### Requirement
Write the records out once more, exactly as they appear below.

Input Start Marker

Lemma Dmax_le_log2 n (rho sigma : 'M[C]_n) lam :
  1 <= lam -> loewner_le rho (lam%:C%C *: sigma) ->
  (Dmax rho sigma <= (log2 lam)%:E)%E.
Proof.
move=> lam_ge1 rho_le; apply: ge_ereal_inf; exists (log2 lam)%:E%E => //.
exists (log2 lam) => //; split; first exact: log2_ge0.
by rewrite powR2_log2 // (lt_le_trans ltr01).
Qed.

Lemma log2_le_Dmax n (rho sigma : 'M[C]_n) lam : 0 < lam ->
  (forall c, loewner_le rho (c%:C%C *: sigma) -> lam <= c) ->
  ((log2 lam)%:E <= Dmax rho sigma)%E.
Proof.
move=> lam_gt0 lam_le; apply/ereal_infP => _ [l [_ rho_le] <-].
rewrite lee_fin /log2 ler_pdivrMr ?ln_gt0 ?ltr1n // -ln_powR.
by rewrite ler_ln ?posrE ?powR_gt0 //; apply: lam_le.
Qed.

Lemma Cmax_eq_log2 dA dB (rho : 'M[C]_(dA * dB)) lam : 1 <= lam ->
  (forall sigma c, IQ sigma -> loewner_le rho (c%:C%C *: sigma) -> lam <= c) ->
  (exists2 sigma, IQ sigma & loewner_le rho (lam%:C%C *: sigma)) ->
  Cmax rho = (log2 lam)%:E%E.
Proof.
move=> lam_ge1 lower [sigma sigma_IQ rho_le].
apply/eqP; rewrite eq_le; apply/andP; split.
  apply: ge_ereal_inf; exists (Dmax rho sigma); first by exists sigma.
  exact: Dmax_le_log2.
apply/ereal_infP => _ [s s_IQ <-].
by apply: log2_le_Dmax => [|c]; [exact: lt_le_trans ltr01 lam_ge1 | apply: lower].
Qed.

End MaxRelativeEntropy.

Unset Implicit Arguments.
Set Strict Implicit.

Theorem proposition9 (R : realType) (dA dB : nat)
    (rho : 'M[R[i]]_(dA * dB)) (U : 'I_dA -> 'M[R[i]]_dB) :
  density rho ->
  (forall i, unitary (U i)) ->
  (forall i j, U i *m block rho i j *m mxadj (U j) = mxabs (block rho i j)) ->
  Cmax rho = ((log2 (1 + Cl1 rho))%:E)%E.
Proof.
move=> rho_state U_unitary rho_abs; have [rho_psd rho_tr1] := rho_state.
set M := fun i j => U i *m block rho i j *m mxadj (U j).
have M_psd i j : psd (M i j) by rewrite /M rho_abs; apply: mxabs_psd.
have M_sym i j : M j i = M i j.
  rewrite -[M i j](psd_adj (M_psd i j)) /M -[in LHS](psd_adj rho_psd).
  by rewrite block_adj !mxadjM mxadjK !mulmxA.
set lam := \sum_i \sum_j complex.Re (\tr (M i j)).
have lamE : lam = 1 + Cl1 rho.
  rewrite /lam; under eq_bigr => i _ do rewrite (bigD1 i) //=.
  rewrite big_split /= -raddf_sum sum_tr_ublock_diag // rho_tr1; congr (_ + _).
  by apply: eq_bigr => i _; apply: eq_big => [j|j _]; rewrite 1?eq_sym // /M rho_abs.
have lam_ge1 : 1 <= lam by rewrite lamE lerDl Cl1_ge0.
have /andP[_ dB_gt0] : ((0 < dA) && (0 < dB))%N.
  by rewrite -muln_gt0 (density_dim_gt0 rho_state).
rewrite -lamE; apply: Cmax_eq_log2 => // [sigma c|]; first exact: IQ_lower_bound.
exact: (IQ_upper_bound U_unitary M_psd M_sym (Ordinal dB_gt0) (lt_le_trans ltr01 lam_ge1)).
Qed.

Input End Marker

### Problem solution
Lemma Dmax_le_log2 n (rho sigma : 'M[C]_n) lam :
  1 <= lam -> loewner_le rho (lam%:C%C *: sigma) ->
  (Dmax rho sigma <= (log2 lam)%:E)%E.
Proof.
move=> lam_ge1 rho_le; apply: ge_ereal_inf; exists (log2 lam)%:E%E => //.
exists (log2 lam) => //; split; first exact: log2_ge0.
by rewrite powR2_log2 // (lt_le_trans ltr01).
Qed.

Lemma log2_le_Dmax n (rho sigma : 'M[C]_n) lam : 0 < lam ->
  (forall c, loewner_le rho (c%:C%C *: sigma) -> lam <= c) ->
  ((log2 lam)%:E <= Dmax rho sigma)%E.
Proof.
move=> lam_gt0 lam_le; apply/ereal_infP => _ [l [_ rho_le] <-].
rewrite lee_fin /log2 ler_pdivrMr ?ln_gt0 ?ltr1n // -ln_powR.
by rewrite ler_ln ?posrE ?powR_gt0 //; apply: lam_le.
Qed.

Lemma Cmax_eq_log2 dA dB (rho : 'M[C]_(dA * dB)) lam : 1 <= lam ->
  (forall sigma c, IQ sigma -> loewner_le rho (c%:C%C *: sigma) -> lam <= c) ->
  (exists2 sigma, IQ sigma & loewner_le rho (lam%:C%C *: sigma)) ->
  Cmax rho = (log2 lam)%:E%E.
Proof.
move=> lam_ge1 lower [sigma sigma_IQ rho_le].
apply/eqP; rewrite eq_le; apply/andP; split.
  apply: ge_ereal_inf; exists (Dmax rho sigma); first by exists sigma.
  exact: Dmax_le_log2.
apply/ereal_infP => _ [s s_IQ <-].
by apply: log2_le_Dmax => [|c]; [exact: lt_le_trans ltr01 lam_ge1 | apply: lower].
Qed.

End MaxRelativeEntropy.

Unset Implicit Arguments.
Set Strict Implicit.

Theorem proposition9 (R : realType) (dA dB : nat)
    (rho : 'M[R[i]]_(dA * dB)) (U : 'I_dA -> 'M[R[i]]_dB) :
  density rho ->
  (forall i, unitary (U i)) ->
  (forall i j, U i *m block rho i j *m mxadj (U j) = mxabs (block rho i j)) ->
  Cmax rho = ((log2 (1 + Cl1 rho))%:E)%E.
Proof.
move=> rho_state U_unitary rho_abs; have [rho_psd rho_tr1] := rho_state.
set M := fun i j => U i *m block rho i j *m mxadj (U j).
have M_psd i j : psd (M i j) by rewrite /M rho_abs; apply: mxabs_psd.
have M_sym i j : M j i = M i j.
  rewrite -[M i j](psd_adj (M_psd i j)) /M -[in LHS](psd_adj rho_psd).
  by rewrite block_adj !mxadjM mxadjK !mulmxA.
set lam := \sum_i \sum_j complex.Re (\tr (M i j)).
have lamE : lam = 1 + Cl1 rho.
  rewrite /lam; under eq_bigr => i _ do rewrite (bigD1 i) //=.
  rewrite big_split /= -raddf_sum sum_tr_ublock_diag // rho_tr1; congr (_ + _).
  by apply: eq_bigr => i _; apply: eq_big => [j|j _]; rewrite 1?eq_sym // /M rho_abs.
have lam_ge1 : 1 <= lam by rewrite lamE lerDl Cl1_ge0.
have /andP[_ dB_gt0] : ((0 < dA) && (0 < dB))%N.
  by rewrite -muln_gt0 (density_dim_gt0 rho_state).
rewrite -lamE; apply: Cmax_eq_log2 => // [sigma c|]; first exact: IQ_lower_bound.
exact: (IQ_upper_bound U_unitary M_psd M_sym (Ordinal dB_gt0) (lt_le_trans ltr01 lam_ge1)).
Qed.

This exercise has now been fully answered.